Problem statement
Of all the lines in the entries below, give again exactly those starting at the line containing "by rewrite inE" and ending at the line containing "by move=> s; rewrite permV_slice v_sym.", both ends included, and no others.

Input records
Lemma glue_id (x : idx N) (i : idx M) : [forall q, x (f q) == i q] -> glue x i = x.
Proof. by move=> /forallP x_f; apply: glue_eq => // q; apply/eqP. Qed.

Definition extend_fun (s : 'S_M) (p : 'I_N) : 'I_N :=
  if [pick q | f q == p] is Some q then f (s q) else p.

Lemma extend_fun_inj s : injective (extend_fun s).
Proof.
move=> p1 p2; rewrite /extend_fun.
case: pickP => [q1 /eqP <-|out1]; case: pickP => [q2 /eqP <-|out2].
- by move/f_inj/perm_inj ->.
- by move=> e; have := out2 (s q1); rewrite e eqxx.
- by move=> e; have := out1 (s q2); rewrite -e eqxx.
- by [].
Qed.

Definition extend_perm (s : 'S_M) : 'S_N := perm (@extend_fun_inj s).

Lemma extend_perm_f s q : extend_perm s (f q) = f (s q).
Proof.
by rewrite permE /extend_fun; case: pickP => [q' /eqP /f_inj ->|/(_ q)]; rewrite ?eqxx.
Qed.

Lemma extend_perm_notin s p : p \notin codom f -> extend_perm s p = p.
Proof.
move=> p_out; rewrite permE /extend_fun; case: pickP => [q /eqP fq|//].
by rewrite -fq codom_f in p_out.
Qed.

Lemma glue_permV (z : idx N) (i : idx M) (s : 'S_M) :
  glue z [ffun q => i (s q)] = [ffun p => glue z i (extend_perm s p)].
Proof.
apply: glue_eq => [q|p p_out]; rewrite ffunE.
  by rewrite extend_perm_f glue_f ffunE.
by rewrite extend_perm_notin // glue_notin.
Qed.

Definition slice (z : idx N) (v : vec N) : vec M := [ffun i => v (glue z i)].

Lemma permV_slice (z : idx N) (s : 'S_M) (v : vec N) :
  permV C d s (slice z v) = slice z (permV C d (extend_perm s) v).
Proof. by apply/ffunP => i; rewrite !ffunE glue_permV. Qed.

Lemma power_factor_on_slice theta (A : {set 'I_N}) (z : idx N) (v : vec N) :
  power_factor_on theta A v -> power_factor_on theta (f @^-1: A) (slice z v).
Proof.
move=> [g g_off v_eq].
exists (fun i : idx M =>
  (\prod_(p in A | p \notin codom f) theta (z p)) * g (glue z i)) => [i j ij|i].
  congr (_ * _); apply: g_off => p.
  have [/codomP [q ->]|p_nf] := boolP (p \in codom f); last by rewrite !glue_notin.
  by rewrite !glue_f => fq_out; apply: ij; rewrite !inE in fq_out *.
rewrite ffunE v_eq (bigID (mem (codom f))) /= -mulrA; congr (_ * (_ * _)).
  under [RHS]eq_bigr => q _ do rewrite -(glue_f z i q).
  rewrite -(@big_imset _ _ _ _ _ f _ (fun p => theta (glue z i p))) /=;
    last by move=> a b _ _ /f_inj.
  apply: eq_bigl => p.
  apply/andP/imsetP => [[pA /codomP [q fq]]|[q]]; last first.
    by rewrite inE => fqA ->; rewrite codom_f.
  by exists q; rewrite // inE -fq.
by apply: eq_bigr => p /andP [_ p_out]; rewrite glue_notin.
Qed.

Lemma card_preimsetC (A : {set 'I_N}) : (#|~: (f @^-1: A)| <= #|~: A|)%N.
Proof.
rewrite -preimsetC -(card_imset _ f_inj); apply: subset_leq_card.
by apply/subsetP => p /imsetP [q]; rewrite inE => fqA ->.
Qed.

Lemma Vset_slice r theta (z : idx N) (v : vec N) : (r <= M)%N ->
  Vset C d N r theta v -> Vset C d M r theta (slice z v).
Proof.
move=> le_rM /Vset_power_factor_on [A cardA /(power_factor_on_slice z)].
have le_A : (M - r <= #|f @^-1: A|)%N.
  have := card_preimsetC A; have := cardsC (f @^-1: A); rewrite cardA card_ord; lia.
have [B sB cardB] := exists_subset_card le_A.
move=> /(power_factor_onS sB); apply: power_factor_on_Vset a0 _.
by apply/eqP; rewrite -(eqn_add2l #|B|) cardsC card_ord cardB subnK.
Qed.

Lemma almost_power_space_slice r theta (z : idx N) (v : vec N) : (r <= M)%N ->
  almost_power_space C d N r theta v -> almost_power_space C d M r theta (slice z v).
Proof.
move=> le_rM [v_sym [k [a [w [w_V v_eq]]]]]; split.
  by move=> s; rewrite permV_slice v_sym.
exists k, a, (fun j => slice z (w j)); split; first by move=> j; apply: Vset_slice.
by apply/ffunP => i; rewrite v_eq !ffunE; apply: eq_bigr => j _; rewrite ffunE.
Qed.

(* [env z == z] selects one representative z for each configuration of the
   traced-out systems. *)
Definition env (z : idx N) : idx N := glue z [ffun => a0].

Lemma ptraceE (rho : op C d N) (i j : idx M) :
  ptrace C d f rho (i, j) =
  \sum_(x : idx N | [forall q, x (f q) == i q]) rho (x, glue x j).
Proof.
rewrite ffunE /=; apply: eq_bigr => x _; apply: big_pred1 => y /=.
apply/andP/eqP => [[/forallP y_f /forallP y_out]|->].
  apply: esym; apply: glue_eq => [q|p p_out]; first exact/eqP.
  by apply/esym/eqP; apply: (implyP (y_out p)).
split; apply/forallP; first by move=> q; rewrite glue_f.
by move=> p; apply/implyP => p_out; rewrite glue_notin.
Qed.

Lemma big_fiber_glue (F : idx N -> C) (i : idx M) :
  \sum_(x : idx N | [forall q, x (f q) == i q]) F x =
  \sum_(z | env z == z) F (glue z i).
Proof.
rewrite (reindex_onto (glue^~ i) env) => [|x x_i]; last by rewrite glue_glue glue_id.
apply: eq_bigl => z; rewrite /env glue_glue.
by have -> : [forall q, glue z i (f q) == i q] by apply/forallP => q; rewrite glue_f.
Qed.

Lemma big_glue (F : idx N -> C) :
  \sum_x F x = \sum_(z | env z == z) \sum_i F (glue z i).
Proof.
rewrite (partition_big (fun x : idx N => [ffun q => x (f q)]) predT) //=.
rewrite exchange_big; apply: eq_bigr => i _; rewrite -big_fiber_glue.
apply: eq_bigl => x; apply/eqP/forallP => [<- q|x_i]; first by rewrite ffunE.
by apply/ffunP => q; rewrite ffunE; apply/eqP.
Qed.

Lemma ptrace_proj (v : vec N) (i j : idx M) :
  ptrace C d f (proj C d v) (i, j) =
  \sum_(z | env z == z) proj C d (slice z v) (i, j).
Proof.
rewrite ptraceE big_fiber_glue; apply: eq_bigr => z _.
by rewrite !ffunE /= glue_glue.
Qed.

Lemma ptrace_mix (T : finType) (c : T -> C) (rho : T -> op C d N) :
  ptrace C d f [ffun ij => \sum_t c t * rho t ij] =
  [ffun ij => \sum_t c t * ptrace C d f (rho t) ij].
Proof.
apply/ffunP => -[i j]; rewrite !ffunE.
under [RHS]eq_bigr do rewrite ffunE mulr_sumr.
rewrite exchange_big; apply: eq_bigr => x _.
under [RHS]eq_bigr do rewrite mulr_sumr.
rewrite exchange_big; apply: eq_bigr => y _.
by rewrite ffunE.
Qed.

Lemma sqnorm_slice (v : vec N) : \sum_(z | env z == z) sqnorm (slice z v) = sqnorm v.
Proof.
by rewrite [RHS]big_glue; apply: eq_bigr => z _; apply: eq_bigr => i _; rewrite ffunE.
Qed.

Task output
    by rewrite inE => fqA ->; rewrite codom_f.
  by exists q; rewrite // inE -fq.
by apply: eq_bigr => p /andP [_ p_out]; rewrite glue_notin.
Qed.

Lemma card_preimsetC (A : {set 'I_N}) : (#|~: (f @^-1: A)| <= #|~: A|)%N.
Proof.
rewrite -preimsetC -(card_imset _ f_inj); apply: subset_leq_card.
by apply/subsetP => p /imsetP [q]; rewrite inE => fqA ->.
Qed.

Lemma Vset_slice r theta (z : idx N) (v : vec N) : (r <= M)%N ->
  Vset C d N r theta v -> Vset C d M r theta (slice z v).
Proof.
move=> le_rM /Vset_power_factor_on [A cardA /(power_factor_on_slice z)].
have le_A : (M - r <= #|f @^-1: A|)%N.
  have := card_preimsetC A; have := cardsC (f @^-1: A); rewrite cardA card_ord; lia.
have [B sB cardB] := exists_subset_card le_A.
move=> /(power_factor_onS sB); apply: power_factor_on_Vset a0 _.
by apply/eqP; rewrite -(eqn_add2l #|B|) cardsC card_ord cardB subnK.
Qed.

Lemma almost_power_space_slice r theta (z : idx N) (v : vec N) : (r <= M)%N ->
  almost_power_space C d N r theta v -> almost_power_space C d M r theta (slice z v).
Proof.
move=> le_rM [v_sym [k [a [w [w_V v_eq]]]]]; split.
  by move=> s; rewrite permV_slice v_sym.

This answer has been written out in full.